Records from a data source
────
Lemma nth_perm_word (i : 'I_n) : nth 0 (perm_word s) i = s i.
Proof. by rewrite (nth_map i) ?size_enum_ord // nth_ord_enum. Qed.

Lemma index_perm_word (i : 'I_n) : index (val i) (perm_word s) = (s^-1)%g i.
Proof.
have f_inj : injective (fun j => nat_of_ord (s j)) by move=> j k /val_inj/perm_inj.
by rewrite -{1}(permKV s i) (index_map f_inj) index_enum_ord.
Qed.

Lemma all_take_perm_word (P : pred nat) i :
  all P (take i (perm_word s)) = [forall k : 'I_n, (k < i) ==> P (s k)].
Proof.
rewrite -map_take all_map; apply/allP/forallP => [h k | h k].
  by apply/implyP => ki; apply: h; rewrite in_take ?mem_enum ?index_enum_ord.
by rewrite in_take ?mem_enum // index_enum_ord; apply/implyP: (h k).
Qed.

Lemma all_drop_perm_word (P : pred nat) i :
  all P (drop i (perm_word s)) = [forall j : 'I_n, (i <= (s^-1)%g j) ==> P j].
Proof.
apply/allP/forallP => [h j | h x].
  apply/implyP => ij; apply: h.
  by rewrite mem_drop_uniq ?perm_word_uniq // mem_perm_word ltn_ord index_perm_word.
rewrite mem_drop_uniq ?perm_word_uniq // mem_perm_word => /andP [xn].
by rewrite -[x]/(val (Ordinal xn)) index_perm_word; apply/implyP: (h (Ordinal xn)).
Qed.

End PermWord.

Lemma perm_word_perm_eq n (s t : {perm 'I_n}) : perm_eq (perm_word s) (perm_word t).
Proof.
by apply: uniq_perm; rewrite ?perm_word_uniq // => x; rewrite !mem_perm_word.
Qed.

Lemma lrmax_mask_perm_word_inv n (s : {perm 'I_n}) (i : 'I_n) :
  nth false (lrmax_mask 0 (perm_word s^-1)) i = (val i \in rlmin (perm_word s)).
Proof.
rewrite nth_lrmax_mask ?size_perm_word // nth_perm_word all_take_perm_word.
rewrite mem_rlmin ?perm_word_uniq // mem_perm_word ltn_ord index_perm_word.
by rewrite all_drop_perm_word inj_forall_ltn_contra //; apply: perm_inj.
Qed.

Lemma eq_lrmax_mask_perm_word_inv n (s t : {perm 'I_n}) :
  lrmax_mask 0 (perm_word s^-1) = lrmax_mask 0 (perm_word t^-1) <->
  rlmin (perm_word s) = rlmin (perm_word t).
Proof.
split=> [eq_mask | eq_rlmin].
  apply: (irr_sorted_eq ltn_trans ltnn); rewrite ?rlmin_sorted // => y.
  have [yn | ny] := ltnP y n.
    by rewrite -[y]/(val (Ordinal yn)) -!lrmax_mask_perm_word_inv eq_mask.
  have notin (u : {perm 'I_n}) : (y \in rlmin (perm_word u)) = false.
    apply: contraTF ny => /(mem_subseq (rlmin_subseq _)).
    by rewrite mem_perm_word -ltnNge.
  by rewrite !notin.
apply: (@eq_from_nth _ false); rewrite ?size_lrmax_mask ?size_perm_word //.
by move=> i lt_in; rewrite -[i]/(val (Ordinal lt_in)) !lrmax_mask_perm_word_inv eq_rlmin.
Qed.

Theorem mainTheorem4 (n : nat) (s t : {perm 'I_n}) :
  (exists c, SC_is (perm_word s^-1) c /\ SC_is (perm_word t^-1) c)
  <-> perm_equiv s t.
Proof.
rewrite SC_agree_lrmax_mask ?perm_word_uniq // eq_lrmax_mask_perm_word_inv.
by rewrite /perm_equiv pequiv_iff_rlmin ?perm_word_uniq ?perm_word_perm_eq.
Qed.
────
> [EXERCISE BRIEF]: Each line holding the word "Ordinal" must be copied from the data.

> [ANSWER TO THIS TASK]:
by rewrite -[x]/(val (Ordinal xn)) index_perm_word; apply/implyP: (h (Ordinal xn)).
    by rewrite -[y]/(val (Ordinal yn)) -!lrmax_mask_perm_word_inv eq_mask.
by move=> i lt_in; rewrite -[i]/(val (Ordinal lt_in)) !lrmax_mask_perm_word_inv eq_rlmin.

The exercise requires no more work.